The two methods are structurally equivalent. The diagram shows how each component maps to the other:
flowchart LR
subgraph CC["Method A — Claude Code + SKILL.md"]
direction TB
A1["SKILL.md
───────────────
Output specification
File read strategy
Quality checks
Self-verification steps"]
A2["Reference files
native disk access"]
A3["Task prompt"]
A4["Claude Code
── agentic execution ──
Read → Build → Verify"]
A5["✓ Deliverable .xlsx
self-verified"]
A1 --> A4
A2 --> A4
A3 --> A4
A4 --> A5
end
subgraph DW["Method B — ChatGPT 5.4 + Deskwork Kit"]
direction TB
B1["system_prompt.md
───────────────
Output specification
Reference file index
Quality rubric
Self-verification steps"]
B2["Reference files
uploaded as attachments"]
B3["Task prompt"]
B4["Code interpreter
── chat execution ──
Read → Build → Verify"]
B5["✓ Deliverable .xlsx
self-verified"]
B1 --> B4
B2 --> B4
B3 --> B4
B4 --> B5
end
A1 -. "same function" .- B1
A5 -. "comparable quality" .- B5
SKILL.md and system_prompt.md serve the same function: they make the output specification, reference file map, quality checks, and verification protocol explicit before execution begins. Claude Code reads SKILL.md natively; the Deskwork kit generates an equivalent system_prompt.md that any LLM can use via chat.
deskwork/
├── benchmarks/ # The proof
│ ├── tasks/ # GDPval task prompts + reference files
│ ├── claude-code/ # Claude Code + SKILL.md outputs
│ ├── gpt-5/ # ChatGPT 5.4 + Deskwork outputs
│ └── results/
│ ├── comparison-notes.md # Per-task scoring with rubric scorecard
│ └── summary.md # Cross-task findings
│
└── deskwork-kit/ # The product
├── README.md # How to use the kit
├── generate/
│ ├── builder-prompt.md # Paste this into any LLM to generate your workflow
│ └── example-session.md # Annotated walkthrough of a generation session
└── examples/ # Ready-to-use examples
├── music-tour-pl/
└── afc-audit-sampling/
See deskwork-kit/README.md for full instructions. The short version:
- Paste
deskwork-kit/generate/builder-prompt.mdinto any capable LLM - Upload your reference files and describe what you need to produce in 2–3 sentences
- Answer the LLM's clarifying questions — it generates a
system_prompt.mdfor your task - Open a new chat, paste the
system_prompt.md, upload your files, and ask for the deliverable
The generated system_prompt.md encodes your output spec, reference file map, quality rubric, and self-verification protocol — everything needed for consistent, correct output.

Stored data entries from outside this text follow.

Definition Hset (t : tableau) : {set 'S_5} := [set p | preserves (tab_rows t) p].
Definition Vset (t : tableau) : {set 'S_5} := [set q | preserves (tab_cols t) q].

Definition t' : tableau := [:: [:: 1; 3; 5]; [:: 2; 4]]%N.

(* y_t = sum_{p in H_t} sum_{q in V_t} sign(q) p o q, and
   y_t^* = sum_{p,q} sign(q) (p o q)^{-1}, acting on T by
   (a T)(v_1..v_5) = sum_r a(r) T(v_{r(1)},...,v_{r(5)}).
   (p o q)^{-1}(i) = q^{-1}(p^{-1}(i)). *)
Definition ystar (K : fieldType) (V : vectType K) (t : tableau)
    (T : tensor V 5) : tensor V 5 :=
  fun v => \sum_(p in Hset t) \sum_(q in Vset t)
             (-1) ^+ odd_perm q * T (fun i => v ((q^-1)%g ((p^-1)%g i))).

Definition acdct (K : fieldType) (V : vectType K) (R : tensor V 5) : Prop :=
  multilinear R /\
  forall u w x y z : V,
    [/\ R (args5 w x y z u) = - R (args5 w x z y u),
        R (args5 w x y z u) = R (args5 y z w x u),
        R (args5 w x y z u) + R (args5 w y z x u) + R (args5 w z x y u) = 0
      & R (args5 w x y z u) + R (args5 w x z u y) + R (args5 w x u y z) = 0].

Definition sym_tensor (K : fieldType) (V : vectType K) (r : nat) (T : tensor V r) :=
  multilinear T /\ symmetric T.

Definition all_sym (K : fieldType) (V : vectType K)
    (L : seq (tensor V 2 * tensor V 3)) : Prop :=
  List.Forall (fun P => sym_tensor P.1 /\ sym_tensor P.2) L.

Definition Thm1p9 (K : fieldType) : Prop :=
  forall V : vectType K,
  (forall (S : tensor V 2) (Sh : tensor V 3),
     sym_tensor S -> sym_tensor Sh ->
     ystar t' (tprod23 S Sh) = ystar t' (tprod32 Sh S) /\
     forall e : seq V, basis_of fullv e ->
     forall i j k l s : nat,
       (i < size e)%N -> (j < size e)%N -> (k < size e)%N ->
       (l < size e)%N -> (s < size e)%N ->
       let E (m : nat) := e`_m in
       let S2 a b := S (args2 (E a) (E b)) in
       let S3 a b c := Sh (args3 (E a) (E b) (E c)) in
       ystar t' (tprod23 S Sh) (args5 (E i) (E j) (E k) (E l) (E s))
         = 4%:R * (S2 i l * S3 j k s - S2 j l * S3 i k s
                   + S2 j k * S3 i l s - S2 i k * S3 j l s) /\
       ystar t' (tprod32 Sh S) (args5 (E i) (E j) (E k) (E l) (E s))
         = 4%:R * (S2 i l * S3 j k s - S2 j l * S3 i k s
                   + S2 j k * S3 i l s - S2 i k * S3 j l s))
  /\
  (forall R : tensor V 5,
     (acdct R <->
       exists2 L : seq (tensor V 2 * tensor V 3),
         all_sym L &
         forall v, R v = \sum_(P <- L) ystar t' (tprod23 P.1 P.2) v) /\
     (acdct R <->
       exists2 L : seq (tensor V 2 * tensor V 3),
         all_sym L &
         forall v, R v = \sum_(P <- L) ystar t' (tprod32 P.2 P.1) v)).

Tasks are from GDPval (Patwardhan et al., OpenAI, 2025), a benchmark of 1,320 real-world professional tasks scored by domain experts averaging 14 years of experience. The three tasks used here are from the Accountants & Auditors occupation in the Professional/Scientific/Technical Services sector.
The GDPval paper's own finding: the dominant failure modes are instruction-following failures, failed file delivery, and lost context across multi-file inputs — not intelligence gaps. Deskwork directly addresses all three.